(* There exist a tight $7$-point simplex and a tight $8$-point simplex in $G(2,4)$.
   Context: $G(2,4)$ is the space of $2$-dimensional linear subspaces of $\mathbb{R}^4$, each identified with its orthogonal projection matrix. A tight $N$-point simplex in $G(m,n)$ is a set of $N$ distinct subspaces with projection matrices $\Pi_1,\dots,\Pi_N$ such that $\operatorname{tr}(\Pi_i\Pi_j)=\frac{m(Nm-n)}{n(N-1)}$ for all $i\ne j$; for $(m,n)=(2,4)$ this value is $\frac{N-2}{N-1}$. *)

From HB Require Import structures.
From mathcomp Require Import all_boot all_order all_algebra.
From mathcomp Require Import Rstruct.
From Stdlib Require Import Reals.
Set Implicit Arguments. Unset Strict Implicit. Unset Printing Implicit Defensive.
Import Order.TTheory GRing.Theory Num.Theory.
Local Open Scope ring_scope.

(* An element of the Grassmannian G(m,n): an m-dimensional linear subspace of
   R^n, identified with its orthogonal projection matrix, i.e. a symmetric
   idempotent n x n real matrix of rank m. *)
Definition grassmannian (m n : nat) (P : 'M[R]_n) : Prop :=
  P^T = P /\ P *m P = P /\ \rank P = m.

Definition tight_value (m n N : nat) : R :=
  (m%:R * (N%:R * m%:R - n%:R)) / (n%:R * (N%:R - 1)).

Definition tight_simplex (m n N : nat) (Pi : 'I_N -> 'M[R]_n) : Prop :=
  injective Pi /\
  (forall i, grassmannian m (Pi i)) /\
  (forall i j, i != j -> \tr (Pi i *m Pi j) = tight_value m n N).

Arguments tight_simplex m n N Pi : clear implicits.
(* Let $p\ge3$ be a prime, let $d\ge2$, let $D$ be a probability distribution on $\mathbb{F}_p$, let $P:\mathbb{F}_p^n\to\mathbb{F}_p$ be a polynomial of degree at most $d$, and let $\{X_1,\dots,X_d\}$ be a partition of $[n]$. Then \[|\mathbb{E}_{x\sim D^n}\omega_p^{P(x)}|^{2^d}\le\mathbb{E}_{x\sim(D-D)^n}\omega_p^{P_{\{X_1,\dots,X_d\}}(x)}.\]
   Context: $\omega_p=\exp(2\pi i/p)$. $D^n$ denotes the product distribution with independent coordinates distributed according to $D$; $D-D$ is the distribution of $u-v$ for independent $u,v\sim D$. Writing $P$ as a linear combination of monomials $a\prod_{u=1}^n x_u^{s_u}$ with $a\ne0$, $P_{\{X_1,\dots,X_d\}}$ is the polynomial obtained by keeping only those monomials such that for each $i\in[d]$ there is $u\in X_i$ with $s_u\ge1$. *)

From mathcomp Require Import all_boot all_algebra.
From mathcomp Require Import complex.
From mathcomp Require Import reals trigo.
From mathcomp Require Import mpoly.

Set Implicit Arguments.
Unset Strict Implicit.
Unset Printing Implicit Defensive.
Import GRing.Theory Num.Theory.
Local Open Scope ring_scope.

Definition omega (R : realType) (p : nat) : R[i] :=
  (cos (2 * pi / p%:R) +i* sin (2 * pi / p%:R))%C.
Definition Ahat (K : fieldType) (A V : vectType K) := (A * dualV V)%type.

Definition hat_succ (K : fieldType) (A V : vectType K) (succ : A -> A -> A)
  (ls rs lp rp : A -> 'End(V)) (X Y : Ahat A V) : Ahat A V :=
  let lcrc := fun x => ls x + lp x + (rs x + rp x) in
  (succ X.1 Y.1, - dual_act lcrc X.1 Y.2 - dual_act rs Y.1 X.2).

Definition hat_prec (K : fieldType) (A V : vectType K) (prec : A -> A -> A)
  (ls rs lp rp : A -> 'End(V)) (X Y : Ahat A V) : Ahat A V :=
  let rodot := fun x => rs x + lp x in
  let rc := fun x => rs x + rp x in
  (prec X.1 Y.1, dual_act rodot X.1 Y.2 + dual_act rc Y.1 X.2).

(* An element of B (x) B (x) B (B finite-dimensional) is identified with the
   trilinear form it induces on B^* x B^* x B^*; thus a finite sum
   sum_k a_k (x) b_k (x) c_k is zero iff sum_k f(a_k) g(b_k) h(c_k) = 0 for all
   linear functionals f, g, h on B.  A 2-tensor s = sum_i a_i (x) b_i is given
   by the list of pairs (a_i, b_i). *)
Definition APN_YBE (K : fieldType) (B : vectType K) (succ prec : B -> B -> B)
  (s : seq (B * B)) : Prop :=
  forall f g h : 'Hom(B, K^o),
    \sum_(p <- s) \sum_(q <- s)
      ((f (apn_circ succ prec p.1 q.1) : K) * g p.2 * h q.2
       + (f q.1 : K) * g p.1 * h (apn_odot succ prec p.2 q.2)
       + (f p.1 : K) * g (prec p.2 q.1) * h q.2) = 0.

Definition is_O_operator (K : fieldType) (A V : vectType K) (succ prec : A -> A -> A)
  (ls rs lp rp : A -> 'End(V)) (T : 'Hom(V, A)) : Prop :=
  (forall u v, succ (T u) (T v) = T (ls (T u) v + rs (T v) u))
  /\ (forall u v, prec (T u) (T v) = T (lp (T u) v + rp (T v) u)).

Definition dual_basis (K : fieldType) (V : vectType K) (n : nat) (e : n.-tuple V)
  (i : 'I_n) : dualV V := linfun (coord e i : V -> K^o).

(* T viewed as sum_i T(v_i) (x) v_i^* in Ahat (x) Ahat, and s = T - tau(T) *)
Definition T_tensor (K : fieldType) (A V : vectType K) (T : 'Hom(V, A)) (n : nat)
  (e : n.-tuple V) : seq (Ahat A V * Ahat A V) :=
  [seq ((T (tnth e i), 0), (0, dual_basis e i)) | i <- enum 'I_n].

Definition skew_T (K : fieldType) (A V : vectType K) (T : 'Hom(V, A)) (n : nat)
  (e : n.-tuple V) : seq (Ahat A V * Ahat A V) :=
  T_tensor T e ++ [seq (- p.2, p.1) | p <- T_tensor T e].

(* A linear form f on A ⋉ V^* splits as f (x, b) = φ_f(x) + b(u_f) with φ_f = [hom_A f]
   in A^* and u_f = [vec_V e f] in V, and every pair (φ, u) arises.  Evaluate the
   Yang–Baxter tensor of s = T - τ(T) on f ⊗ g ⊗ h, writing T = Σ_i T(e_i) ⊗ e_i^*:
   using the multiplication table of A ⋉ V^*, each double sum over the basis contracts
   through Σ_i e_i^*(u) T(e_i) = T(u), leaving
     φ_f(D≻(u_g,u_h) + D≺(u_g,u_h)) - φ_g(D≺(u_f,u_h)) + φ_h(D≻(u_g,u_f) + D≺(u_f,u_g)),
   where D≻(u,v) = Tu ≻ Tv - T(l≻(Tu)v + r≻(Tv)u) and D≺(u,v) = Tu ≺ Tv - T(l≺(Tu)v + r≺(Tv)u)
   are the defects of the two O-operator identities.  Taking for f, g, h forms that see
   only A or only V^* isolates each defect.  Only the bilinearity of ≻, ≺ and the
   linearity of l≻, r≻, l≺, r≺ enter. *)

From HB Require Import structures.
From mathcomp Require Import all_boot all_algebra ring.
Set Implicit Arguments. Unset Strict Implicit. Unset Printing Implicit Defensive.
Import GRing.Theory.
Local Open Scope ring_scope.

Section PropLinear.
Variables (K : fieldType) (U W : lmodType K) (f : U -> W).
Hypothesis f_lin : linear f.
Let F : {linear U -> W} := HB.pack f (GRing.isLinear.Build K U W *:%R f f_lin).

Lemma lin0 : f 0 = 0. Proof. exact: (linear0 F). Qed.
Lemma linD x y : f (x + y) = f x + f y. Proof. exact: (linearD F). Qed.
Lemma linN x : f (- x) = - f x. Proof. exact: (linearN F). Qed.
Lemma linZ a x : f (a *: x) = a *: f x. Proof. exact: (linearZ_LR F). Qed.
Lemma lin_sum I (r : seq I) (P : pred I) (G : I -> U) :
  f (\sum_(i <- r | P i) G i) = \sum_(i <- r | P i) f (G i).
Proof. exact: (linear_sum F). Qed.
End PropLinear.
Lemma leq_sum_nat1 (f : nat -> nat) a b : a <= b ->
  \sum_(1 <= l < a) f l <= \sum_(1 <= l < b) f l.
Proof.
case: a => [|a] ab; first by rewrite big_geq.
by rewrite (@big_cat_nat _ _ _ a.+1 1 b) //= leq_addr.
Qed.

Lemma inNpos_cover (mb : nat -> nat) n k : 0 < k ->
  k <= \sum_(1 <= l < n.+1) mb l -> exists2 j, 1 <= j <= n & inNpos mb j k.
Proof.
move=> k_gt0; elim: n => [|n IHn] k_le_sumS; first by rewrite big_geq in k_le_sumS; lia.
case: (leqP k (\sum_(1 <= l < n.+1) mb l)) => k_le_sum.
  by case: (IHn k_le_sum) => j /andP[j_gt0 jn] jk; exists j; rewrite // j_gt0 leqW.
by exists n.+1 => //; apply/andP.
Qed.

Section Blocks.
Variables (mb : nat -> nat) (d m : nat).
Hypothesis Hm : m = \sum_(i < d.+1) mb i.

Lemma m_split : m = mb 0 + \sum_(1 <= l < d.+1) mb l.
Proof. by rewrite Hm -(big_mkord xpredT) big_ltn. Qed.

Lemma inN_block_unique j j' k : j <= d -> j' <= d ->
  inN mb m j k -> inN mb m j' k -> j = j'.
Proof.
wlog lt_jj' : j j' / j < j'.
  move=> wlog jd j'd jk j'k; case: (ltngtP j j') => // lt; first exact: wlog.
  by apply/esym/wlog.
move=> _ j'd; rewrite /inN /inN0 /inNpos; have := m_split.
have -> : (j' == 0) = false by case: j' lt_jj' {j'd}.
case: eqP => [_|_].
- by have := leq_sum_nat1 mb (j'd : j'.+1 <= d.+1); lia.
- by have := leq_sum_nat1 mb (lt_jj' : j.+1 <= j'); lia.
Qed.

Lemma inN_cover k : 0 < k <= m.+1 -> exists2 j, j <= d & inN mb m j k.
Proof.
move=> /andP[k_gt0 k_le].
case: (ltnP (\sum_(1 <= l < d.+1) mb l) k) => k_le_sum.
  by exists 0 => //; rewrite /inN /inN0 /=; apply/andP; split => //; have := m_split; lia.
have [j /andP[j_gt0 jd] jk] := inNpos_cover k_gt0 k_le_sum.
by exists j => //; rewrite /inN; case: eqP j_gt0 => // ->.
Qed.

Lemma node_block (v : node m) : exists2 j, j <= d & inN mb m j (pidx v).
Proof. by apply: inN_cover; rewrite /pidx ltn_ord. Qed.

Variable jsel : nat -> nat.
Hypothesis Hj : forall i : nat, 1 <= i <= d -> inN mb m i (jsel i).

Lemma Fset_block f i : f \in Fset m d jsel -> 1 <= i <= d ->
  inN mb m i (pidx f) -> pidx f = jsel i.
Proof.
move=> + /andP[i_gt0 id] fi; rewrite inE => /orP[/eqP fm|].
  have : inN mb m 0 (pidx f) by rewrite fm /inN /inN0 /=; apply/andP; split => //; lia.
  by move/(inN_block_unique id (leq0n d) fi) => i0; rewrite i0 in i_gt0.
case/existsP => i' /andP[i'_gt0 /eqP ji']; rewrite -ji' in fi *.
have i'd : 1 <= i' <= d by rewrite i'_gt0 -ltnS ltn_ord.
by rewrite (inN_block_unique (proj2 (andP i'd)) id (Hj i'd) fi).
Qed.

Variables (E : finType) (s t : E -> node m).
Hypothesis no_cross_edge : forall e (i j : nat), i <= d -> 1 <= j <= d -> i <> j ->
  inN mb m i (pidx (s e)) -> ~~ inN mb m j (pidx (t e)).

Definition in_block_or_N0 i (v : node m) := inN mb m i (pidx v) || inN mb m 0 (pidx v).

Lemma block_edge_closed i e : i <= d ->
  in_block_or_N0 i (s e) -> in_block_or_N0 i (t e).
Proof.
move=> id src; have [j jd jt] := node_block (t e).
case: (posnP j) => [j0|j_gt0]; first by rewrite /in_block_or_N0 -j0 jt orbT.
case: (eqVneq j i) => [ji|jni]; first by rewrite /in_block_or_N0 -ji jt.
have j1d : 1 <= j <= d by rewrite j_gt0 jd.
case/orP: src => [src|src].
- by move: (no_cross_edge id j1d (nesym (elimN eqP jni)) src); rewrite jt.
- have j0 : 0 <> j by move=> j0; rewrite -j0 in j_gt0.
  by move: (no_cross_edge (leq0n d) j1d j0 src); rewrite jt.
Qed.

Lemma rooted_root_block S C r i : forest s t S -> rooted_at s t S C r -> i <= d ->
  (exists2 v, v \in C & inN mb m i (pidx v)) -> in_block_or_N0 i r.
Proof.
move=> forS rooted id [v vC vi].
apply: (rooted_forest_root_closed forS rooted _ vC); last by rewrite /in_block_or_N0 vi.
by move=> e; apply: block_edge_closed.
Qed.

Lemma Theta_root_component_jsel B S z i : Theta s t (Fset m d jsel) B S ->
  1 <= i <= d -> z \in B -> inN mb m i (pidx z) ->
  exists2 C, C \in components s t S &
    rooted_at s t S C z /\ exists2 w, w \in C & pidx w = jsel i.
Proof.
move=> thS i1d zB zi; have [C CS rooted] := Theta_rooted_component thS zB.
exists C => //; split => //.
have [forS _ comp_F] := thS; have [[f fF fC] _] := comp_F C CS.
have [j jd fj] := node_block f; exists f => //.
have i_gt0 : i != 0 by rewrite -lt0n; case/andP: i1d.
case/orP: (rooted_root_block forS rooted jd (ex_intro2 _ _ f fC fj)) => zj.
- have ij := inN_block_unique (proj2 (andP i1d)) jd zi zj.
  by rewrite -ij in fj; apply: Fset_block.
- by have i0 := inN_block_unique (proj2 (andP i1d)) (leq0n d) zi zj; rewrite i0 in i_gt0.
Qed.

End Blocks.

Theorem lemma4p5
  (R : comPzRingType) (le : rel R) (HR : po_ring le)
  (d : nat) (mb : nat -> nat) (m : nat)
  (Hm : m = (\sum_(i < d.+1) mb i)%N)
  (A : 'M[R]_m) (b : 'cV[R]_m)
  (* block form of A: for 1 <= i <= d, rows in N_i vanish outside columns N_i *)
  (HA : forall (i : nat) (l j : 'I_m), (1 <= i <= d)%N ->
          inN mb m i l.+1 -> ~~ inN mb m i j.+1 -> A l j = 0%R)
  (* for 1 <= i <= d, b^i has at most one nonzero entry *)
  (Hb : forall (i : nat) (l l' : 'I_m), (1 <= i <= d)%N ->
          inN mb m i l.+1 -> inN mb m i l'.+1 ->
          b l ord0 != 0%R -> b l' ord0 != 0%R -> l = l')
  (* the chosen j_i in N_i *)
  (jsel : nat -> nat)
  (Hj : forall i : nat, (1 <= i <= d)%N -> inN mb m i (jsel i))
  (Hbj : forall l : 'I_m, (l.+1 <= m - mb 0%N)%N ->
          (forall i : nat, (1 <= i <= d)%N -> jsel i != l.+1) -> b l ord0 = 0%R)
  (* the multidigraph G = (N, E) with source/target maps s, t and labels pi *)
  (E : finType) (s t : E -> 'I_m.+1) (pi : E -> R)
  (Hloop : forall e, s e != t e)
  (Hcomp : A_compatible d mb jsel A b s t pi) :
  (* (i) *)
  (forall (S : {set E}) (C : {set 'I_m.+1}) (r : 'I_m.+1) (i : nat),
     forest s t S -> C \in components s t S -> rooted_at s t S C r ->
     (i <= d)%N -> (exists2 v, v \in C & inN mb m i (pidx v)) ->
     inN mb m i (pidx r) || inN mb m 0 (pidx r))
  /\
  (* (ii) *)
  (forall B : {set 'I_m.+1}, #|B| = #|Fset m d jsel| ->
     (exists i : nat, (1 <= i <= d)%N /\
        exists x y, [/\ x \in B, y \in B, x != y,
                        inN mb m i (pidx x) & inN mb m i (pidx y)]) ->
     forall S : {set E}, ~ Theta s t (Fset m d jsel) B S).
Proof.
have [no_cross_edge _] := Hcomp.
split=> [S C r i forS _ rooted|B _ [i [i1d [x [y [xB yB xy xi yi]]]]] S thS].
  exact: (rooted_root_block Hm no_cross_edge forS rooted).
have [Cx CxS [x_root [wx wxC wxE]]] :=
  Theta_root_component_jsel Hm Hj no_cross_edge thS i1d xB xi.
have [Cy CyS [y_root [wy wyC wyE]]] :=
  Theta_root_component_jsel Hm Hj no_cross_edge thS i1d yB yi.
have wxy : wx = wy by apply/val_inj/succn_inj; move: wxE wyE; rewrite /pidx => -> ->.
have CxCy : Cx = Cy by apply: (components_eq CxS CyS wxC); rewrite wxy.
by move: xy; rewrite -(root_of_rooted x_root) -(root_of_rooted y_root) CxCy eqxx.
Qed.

§ **Requirement**
Which lines run from the one holding "split=> [S C" through the one holding "have CxCy : Cx" in the records above? Repeat them exactly, both included, and nothing more.

§ **Task answer**
split=> [S C r i forS _ rooted|B _ [i [i1d [x [y [xB yB xy xi yi]]]]] S thS].
  exact: (rooted_root_block Hm no_cross_edge forS rooted).
have [Cx CxS [x_root [wx wxC wxE]]] :=
  Theta_root_component_jsel Hm Hj no_cross_edge thS i1d xB xi.
have [Cy CyS [y_root [wy wyC wyE]]] :=
  Theta_root_component_jsel Hm Hj no_cross_edge thS i1d yB yi.
have wxy : wx = wy by apply/val_inj/succn_inj; move: wxE wyE; rewrite /pidx => -> ->.
have CxCy : Cx = Cy by apply: (components_eq CxS CyS wxC); rewrite wxy.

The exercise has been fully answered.